# Related Sites > SQL Course >  Help with a Query

## ejjonesjr

I have put together a database of my favorite basketball team. Each record is a game played. I wanted to query results on how the team has performed off a loss or off a win or when they were home off 3 straight away games.  I assume it would have to be a subquery of some sort, but can not figure one out.

Say my table would look something like this.

ID (primary key), DATE, SITE, TEAM, RESULT, PF, PA

200701 12/01/2007 A Southern W 68 51
200702 12/03/2007 A Northern L 54 58
200703 12/05/2007 A Eastern W 77 76
200704 12/07/2007 H Western L 59 78

How would I query those examples I have listed above which are based off the previous record(s).

Any help from anyone would be greatly appreciated.

Thank you again for time.

----------


## Greg Larsen

Here are a couple of examples of some subqueries in a where statement that might help you resolve your post. 

Greg

set nocount on
create table Results (
ID int,  
DATE smalldatetime, 
SITE char(1), 
TEAM varchar(20), 
RESULT char(1), 
PF tinyint, 
PA tinyint)

insert into Results values(200701,'12/01/2007',  'A', 'Southern', 'W', 68, 51)
insert into Results values(200702, '12/03/2007', 'A', 'Northern', 'L', 54, 58)
insert into Results values(200703, '12/05/2007', 'A', 'Eastern', 'W', 77, 76)
insert into Results values(200704, '12/07/2007', 'H', 'Western', 'L', 59, 78)

-- display first home game after last away game
select top 1 * from Results 
  where DATE > (select max(DATE) from Results where SITE = 'A')

-- display how team did after they last lose
select top 1 * from Results 
  where DATE > (select max(DATE) from Results where RESULT = 'W')

drop table Results

----------


## ejjonesjr

Thank you, but it is returning no results. 

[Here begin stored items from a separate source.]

(* Fix $p\in[1,\infty)$ and $r\in[0,\infty]$. For any metric spaces $X$ and $Y$, with $X\times Y$ carrying the maximum metric, there are homotopy equivalences $$\mathrm{VR}^m(X\times Y;r)\simeq \mathrm{VR}^m(X;r)\times \mathrm{VR}^m(Y;r),\qquad \check{C}^m(X\times Y;r)\simeq \check{C}^m(X;r)\times\check{C}^m(Y;r),$$ where the right-hand sides carry the maximum of the metrics of the two factors.
   Context: For a metric space $X$ and $r\in[0,\infty]$: the Vietoris–Rips complex $\mathrm{VR}(X;r)$ is the simplicial complex with vertex set $X$ whose simplices are the nonempty finite subsets of $X$ of diameter at most $r$; the Čech complex $\check{C}(X;r)$ is the simplicial complex with vertex set $X$ whose simplices are the nonempty finite subsets $\sigma\subseteq X$ with $\bigcap_{x\in\sigma}B_r(x)\neq\emptyset$, where $B_r(x)$ is the ball of radius $r$ about $x$ in $X$ (the statement holds with either open or closed balls, fixed throughout). For a simplicial complex $K$ with vertex set $X$, its metric thickening is the set of finitely supported probability measures $\mu=\sum_{i=1}^n\lambda_i\delta_{x_i}$ on $X$ (distinct $x_i$, $\lambda_i>0$, $\sum\lambda_i=1$) with $\{x_1,\dots,x_n\}\in K$, equipped with the $p$-Wasserstein metric $W_p(\mu,\nu)=\inf_\pi\left(\int_{X\times X}d(x,y)^p\,d\pi\right)^{1/p}$ (infimum over couplings $\pi$ of $\mu$ and $\nu$). $\mathrm{VR}^m(X;r)$ and $\check{C}^m(X;r)$ denote the metric thickenings of $\mathrm{VR}(X;r)$ and $\check{C}(X;r)$ respectively. *)

From Stdlib Require Import Reals Lra List.
From Coquelicot Require Import Coquelicot.
Open Scope R_scope.
(* Telescoping along a, u a, u^2 a, ..., u^n a = a (mod M) puts (1 - r^n) f a in V. *)
Lemma Qsubspace_orbit_descent (M : nat) (f : Z -> R) (u r : Z) :
  (1 <= M)%nat -> (2 <= Z.abs r)%Z -> Z.gcd u (Z.of_nat M) = 1%Z ->
  (forall a t, f (a + t * Z.of_nat M)%Z = f a) ->
  (forall a, Z.gcd a (Z.of_nat M) = 1%Z -> V (f a - IZR r * f (u * a)%Z)) ->
  forall a, Z.gcd a (Z.of_nat M) = 1%Z -> V (f a).
Proof.
  intros HM Hr Hu Hper Hrel.
  assert (Hk : forall k a, Z.gcd a (Z.of_nat M) = 1%Z ->
     V (f a - IZR (r ^ Z.of_nat k) * f (u ^ Z.of_nat k * a)%Z)).
  { induction k as [|k IHk]; intros a Ha.
    - change (u ^ Z.of_nat 0)%Z with 1%Z. rewrite Z.mul_1_l.
      replace (f a - IZR (r ^ Z.of_nat 0) * f a) with 0 by (simpl; ring). apply HV.
    - replace (f a - IZR (r ^ Z.of_nat (S k)) * f (u ^ Z.of_nat (S k) * a)%Z)
        with ((f a - IZR (r ^ Z.of_nat k) * f (u ^ Z.of_nat k * a)%Z)
              + IZR (r ^ Z.of_nat k)
                * (f (u ^ Z.of_nat k * a)%Z - IZR r * f (u * (u ^ Z.of_nat k * a))%Z))
        by (rewrite Nat2Z.inj_succ, !Z.pow_succ_r, mult_IZR, Z.mul_assoc by lia; ring).
      apply Qsubspace_add; [apply IHk, Ha |].
      apply Qsubspace_mul_IZR, Hrel, Zcoprime_mul_l; [apply Zcoprime_pow, Hu | exact Ha]. }
  intros a Ha.
  destruct (exists_pow_congr_1 M u HM Hu) as [n [Hn [t Ht]]].
  specialize (Hk n a Ha).
  replace (u ^ Z.of_nat n * a)%Z with (a + (t * a) * Z.of_nat M)%Z in Hk
    by (replace (u ^ Z.of_nat n)%Z with (t * Z.of_nat M + 1)%Z by lia; ring).
  rewrite Hper in Hk.
  replace (f a) with ((f a - IZR (r ^ Z.of_nat n) * f a) / IZR (1 - r ^ Z.of_nat n)).
  - apply Qsubspace_div_IZR; [| exact Hk]. pose proof (Zpow_neq_1 r n Hr Hn). lia.
  - rewrite minus_IZR. field. intros E. apply (Zpow_neq_1 r n Hr Hn), eq_IZR. lra.
Qed.

End Qsubspace_closure.

Definition contains_primitive_tan (V : R -> Prop) (M : nat) : Prop :=
  forall a, Z.gcd a (Z.of_nat M) = 1%Z -> V (tan_frac M a).

Definition primitive_span (N : nat) (x : R) : Prop := exists c : nat -> Q,
  x = sum_f_R0 (fun j => if primitive_idx N j then Q2R (c j) * star_point N j else 0) N.

Lemma primitive_span_Qsubspace N : Qsubspace (primitive_span N).
Proof.
  split; [|split].
  - exists (fun _ => 0%Q). symmetry. apply sum_eq_R0. intros j _.
    destruct (primitive_idx N j); [unfold Q2R; simpl|]; ring.
  - intros x y [c1 ->] [c2 ->]. exists (fun j => (c1 j + c2 j)%Q). rewrite <- plus_sum.
    apply sum_eq. intros j _. destruct (primitive_idx N j); [rewrite Q2R_plus|]; ring.
  - intros c x [d ->]. exists (fun j => (c * d j)%Q). rewrite scal_sum.
    apply sum_eq. intros j _. destruct (primitive_idx N j); [rewrite Q2R_mult|]; ring.
Qed.

Lemma sum_f_R0_single f k n : (k <= n)%nat -> (forall i, i <> k -> f i = 0) -> sum_f_R0 f n = f k.
Proof.
  intros Hk Hf. induction n as [|n IHn]; simpl.
  - f_equal. lia.
  - destruct (Nat.eq_dec k (S n)) as [->|Hne].
    + rewrite sum_eq_R0; [ring|]. intros i Hi. apply Hf. lia.
    + rewrite IHn, (Hf (S n)) by lia. ring.
Qed.

Lemma primitive_span_star_point N k : primitive_idx N k = true -> primitive_span N (star_point N k).
Proof.
  intros Hk. exists (fun j => if Nat.eqb j k then 1%Q else 0%Q).
  assert (HkN : (k <= N)%nat).
  { apply andb_prop in Hk as [Hk _]. apply andb_prop in Hk as [_ Hk].
    apply Nat.ltb_lt in Hk. lia. }
  rewrite (sum_f_R0_single _ k _ HkN).
  - rewrite Hk, Nat.eqb_refl. unfold Q2R. simpl. field.
  - intros i Hi. apply Nat.eqb_neq in Hi. rewrite Hi.
    destruct (primitive_idx N i); [unfold Q2R; simpl|]; ring.
Qed.

Lemma primitive_idx_of_Z N r : (0 < r)%Z -> (2 * r < Z.of_nat N)%Z -> Z.gcd r (Z.of_nat N) = 1%Z ->
  primitive_idx N (Z.to_nat r) = true.
Proof.
  intros H1 H2 H3. unfold primitive_idx.
  replace (Nat.gcd (Z.to_nat r) N) with 1%nat
    by (apply Nat2Z.inj; rewrite Z_of_nat_gcd, Z2Nat.id by lia; symmetry; exact H3).
  rewrite Nat.eqb_refl, andb_true_r.
  apply andb_true_intro; split; [apply Nat.leb_le | apply Nat.ltb_lt]; lia.
Qed.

Here is the query I am using

SELECT TOP 1 *
FROM test
WHERE date>(SELECT max(date) FROM test WHERE su = 'w');

----------


## Greg Larsen

What do you get from this query?

SELECT max(date) FROM test WHERE su = 'w'

Are there any records in your "test" table with a date greater then the one returned from the above query?  If not that is why your a seeing no results.

----------


## t3chn0n3rd

I would use really good nested functions

----------


## ejjonesjr

There are no dates in the table greater than the date I get from this query.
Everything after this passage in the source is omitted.